• _INSTRUCTIONS TO FOLLOW_
If a line of the records holds the word "exists", copy it out.

• _DATA FOR ANALYSIS_
(* Let $n\geqslant 2$ and let $\alpha\colon\mathbb{N}^n\to\mathbb{N}^n$ be an isometry of $\mathbb{N}^n$ onto itself such that $(\mathbf{2}_i)\alpha=\mathbf{2}_i$ for all $i=1,\ldots,n$. Then $\alpha$ is the identity map of $\mathbb{N}^n$.
   Context: $\mathbb{N}=\{1,2,3,\ldots\}$ and $\mathbb{N}^n$ carries the Euclidean metric. Maps are written on the right. For $i\in\{1,\ldots,n\}$, $\mathbf{2}_i$ is the point of $\mathbb{N}^n$ whose $i$-th coordinate is $2$ and all other coordinates equal $1$. *)

From mathcomp Require Import all_boot.
Set Implicit Arguments. Unset Strict Implicit. Unset Printing Implicit Defensive.

(* Points of Z^n-like space: functions 'I_n -> nat (coordinate i is x i);
   the subset N^n (coordinates in {1,2,...}) is carved out by [inNn]. *)
Definition pt (n : nat) := {ffun 'I_n -> nat}.

Definition inNn (n : nat) (x : pt n) : Prop := forall i : 'I_n, 0 < x i.

Definition absdiff (a b : nat) : nat := (a - b) + (b - a).

Definition sqdist (n : nat) (x y : pt n) : nat :=
  \sum_(i < n) (absdiff (x i) (y i)) ^ 2.

Definition two (n : nat) (i : 'I_n) : pt n :=
  [ffun j => if j == i then 2 else 1].

Definition isometry_onto (n : nat) (alpha : pt n -> pt n) : Prop :=
  (forall x, inNn x -> inNn (alpha x)) /\
  (forall y, inNn y -> exists x, inNn x /\ alpha x = y) /\
  (forall x y, inNn x -> inNn y -> sqdist (alpha x) (alpha y) = sqdist x y).

From mathcomp Require Import all_boot.
From mathcomp Require Import zify.
Set Implicit Arguments. Unset Strict Implicit.

(* A point x of N^n is determined by its distances to 1 = (1,...,1) and to
   the points 2_i, since d(x,2_i)^2 + 2 x_i = d(x,1)^2 + 3.  Hence it suffices
   to show that alpha fixes 1.  The points at distance 1 from every 2_i are 1
   and, only when n = 2, the point (2,2); so the preimage of 1 is 1 unless
   n = 2 and alpha (2,2) = 1.  In that case the image w of (3,1) would satisfy
   d(w,1)^2 = 2 and d(w,2_2)^2 = 5, forcing w_2 = 0. *)

Definition ones (n : nat) : pt n := [ffun=> 1].
Definition twos (n : nat) : pt n := [ffun=> 2].

Lemma inNn_ones n : inNn (ones n).
Proof. by move=> i; rewrite ffunE. Qed.

Lemma inNn_twos n : inNn (twos n).
Proof. by move=> i; rewrite ffunE. Qed.

Lemma inNn_two n (i : 'I_n) : inNn (two i).
Proof. by move=> j; rewrite ffunE; case: (j == i). Qed.

Lemma absdiff2_sqr a : 0 < a -> absdiff a 2 ^ 2 + 2 * a = absdiff a 1 ^ 2 + 3.
Proof.
rewrite /absdiff; case: a => [//|[//|a]] _.
have -> : 2 - a.+2 = 0 by lia.
have -> : 1 - a.+2 = 0 by lia.
rewrite !addn0 !subSS subn0; nia.
Qed.

Lemma sqdist_two n (x : pt n) (i : 'I_n) : inNn x ->
  sqdist x (two i) + 2 * x i = sqdist x (ones n) + 3.
Proof.
move=> x_in; rewrite /sqdist (bigD1 i) //= [in RHS](bigD1 i) //= !ffunE eqxx.
have -> : \sum_(j < n | j != i) absdiff (x j) (two i j) ^ 2 =
          \sum_(j < n | j != i) absdiff (x j) (ones n j) ^ 2.
  by apply: eq_bigr => j /negbTE ji; rewrite !ffunE ji.
by rewrite addnAC (absdiff2_sqr (x_in i)) addnAC.
Qed.

Lemma sqdist_ones_two n (i : 'I_n) : sqdist (ones n) (two i) = 1.
Proof.
rewrite /sqdist (bigD1 i) //= big1 => [|j ji]; first by rewrite !ffunE eqxx.
by rewrite !ffunE (negbTE ji).
Qed.

Lemma eq_pt_sqdist n (x y : pt n) : inNn x -> inNn y ->
  sqdist x (ones n) = sqdist y (ones n) ->
  (forall i, sqdist x (two i) = sqdist y (two i)) -> x = y.
Proof.
move=> x_in y_in eq_ones eq_two; apply/ffunP => i.
have := sqdist_two i x_in; rewrite eq_ones eq_two -(sqdist_two i y_in).
by move/addnI/eqP; rewrite eqn_pmul2l // => /eqP.
Qed.

Lemma sqdist_two_eq1 n (y : pt n) : 2 <= n -> inNn y ->
  (forall i, sqdist y (two i) = 1) -> y = ones n \/ (n = 2 /\ y = twos n).
Proof.
move=> n_ge2 y_in y_two.
have y_coord i : 2 * y i = sqdist y (ones n) + 2.
  by have := sqdist_two i y_in; rewrite y_two; lia.
pose i0 : 'I_n := Ordinal (ltnW n_ge2); set c := y i0.
have y_const i : y i = c by have := y_coord i; have := y_coord i0; lia.
have c_gt0 : 0 < c := y_in i0.
have sqdist_ones : sqdist y (ones n) = n * (c - 1) ^ 2.
  rewrite /sqdist (eq_bigr (fun _ => (c - 1) ^ 2)) ?sum_nat_const ?card_ord //.
  by move=> i _; rewrite y_const ffunE /absdiff (_ : 1 - c = 0) ?addn0 //; lia.
have := y_coord i0; rewrite sqdist_ones -/c => c_eq.
case: (ltngtP c 2) => [c_lt2 | c_gt2 | c2].
- by left; apply/ffunP => i; rewrite y_const ffunE; lia.
- have [d c_eq_d] : exists d, c = d.+3 by exists (c - 3); lia.
  rewrite c_eq_d subSS subn0 in c_eq.
  have : 2 * d.+2 ^ 2 <= n * d.+2 ^ 2 by rewrite leq_mul2r n_ge2 orbT.
  nia.
- right; split; first by rewrite c2 in c_eq; lia.
  by apply/ffunP => i; rewrite y_const ffunE.
Qed.

Section IsometryFixingTwos.

Variables (n : nat) (alpha : pt n -> pt n).
Hypothesis n_ge2 : 2 <= n.
Hypothesis alpha_in : forall x, inNn x -> inNn (alpha x).
Hypothesis alpha_onto : forall y, inNn y -> exists x, inNn x /\ alpha x = y.
Hypothesis alpha_iso : forall x y, inNn x -> inNn y ->
  sqdist (alpha x) (alpha y) = sqdist x y.
Hypothesis alpha_two : forall i, alpha (two i) = two i.

Lemma sqdist_alpha_two x i : inNn x -> sqdist (alpha x) (two i) = sqdist x (two i).
Proof. by move=> x_in; rewrite -{1}(alpha_two i) alpha_iso //; apply: inNn_two. Qed.

Lemma alpha_twos_ones : alpha (twos n) = ones n -> 4 <= n.
Proof.
move=> alpha_twos.
pose i : 'I_n := Ordinal n_ge2; pose j : 'I_n := Ordinal (ltnW n_ge2).
have ij : i != j by [].
pose p : pt n := [ffun k => if k == j then 3 else 1].
have p_in : inNn p by move=> k; rewrite ffunE; case: (k == j).
have p_ones : sqdist p (ones n) = 4.
  rewrite /sqdist (bigD1 j) //= big1 => [|k kj]; first by rewrite !ffunE eqxx.
  by rewrite !ffunE (negbTE kj).
have p_twos : sqdist p (twos n) = n.
  rewrite /sqdist (eq_bigr (fun _ => 1)) ?sum_nat_const ?card_ord ?muln1 //.
  by move=> k _; rewrite !ffunE; case: (k == j).
have p_two := sqdist_two i p_in; rewrite p_ones ffunE (negbTE ij) in p_two.
have w_ones : sqdist (alpha p) (ones n) = n.
  by rewrite -alpha_twos alpha_iso //; apply: inNn_twos.
have := sqdist_two i (alpha_in p_in).
rewrite w_ones sqdist_alpha_two //; have := alpha_in p_in i; lia.
Qed.

Lemma alpha_ones : alpha (ones n) = ones n.
Proof.
have [z [z_in alpha_z]] := alpha_onto (@inNn_ones n).
have z_two i : sqdist z (two i) = 1.
  by rewrite -sqdist_alpha_two // alpha_z sqdist_ones_two.
have [z1 | [n2 z_twos]] := sqdist_two_eq1 n_ge2 z_in z_two.
  by rewrite -{1}z1.
have := alpha_twos_ones; rewrite -z_twos alpha_z => /(_ erefl).
by rewrite [in 3 < _]n2.
Qed.

End IsometryFixingTwos.

Theorem corollary3p1 (n : nat) (alpha : pt n -> pt n) :
  2 <= n ->
  isometry_onto alpha ->
  (forall i : 'I_n, alpha (two i) = two i) ->
  forall x : pt n, inNn x -> alpha x = x.
Proof.
move=> n_ge2 [alpha_in [alpha_onto alpha_iso]] alpha_two x x_in.
have alpha1 := alpha_ones n_ge2 alpha_in alpha_onto alpha_iso alpha_two.
apply: eq_pt_sqdist.
- exact: alpha_in.
- exact: x_in.
- by rewrite -{1}alpha1 alpha_iso //; apply: inNn_ones.
- by move=> i; rewrite (sqdist_alpha_two alpha_iso alpha_two).
Qed.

• _SOLVED EXERCISE_
  (forall y, inNn y -> exists x, inNn x /\ alpha x = y) /\
- have [d c_eq_d] : exists d, c = d.+3 by exists (c - 3); lia.
Hypothesis alpha_onto : forall y, inNn y -> exists x, inNn x /\ alpha x = y.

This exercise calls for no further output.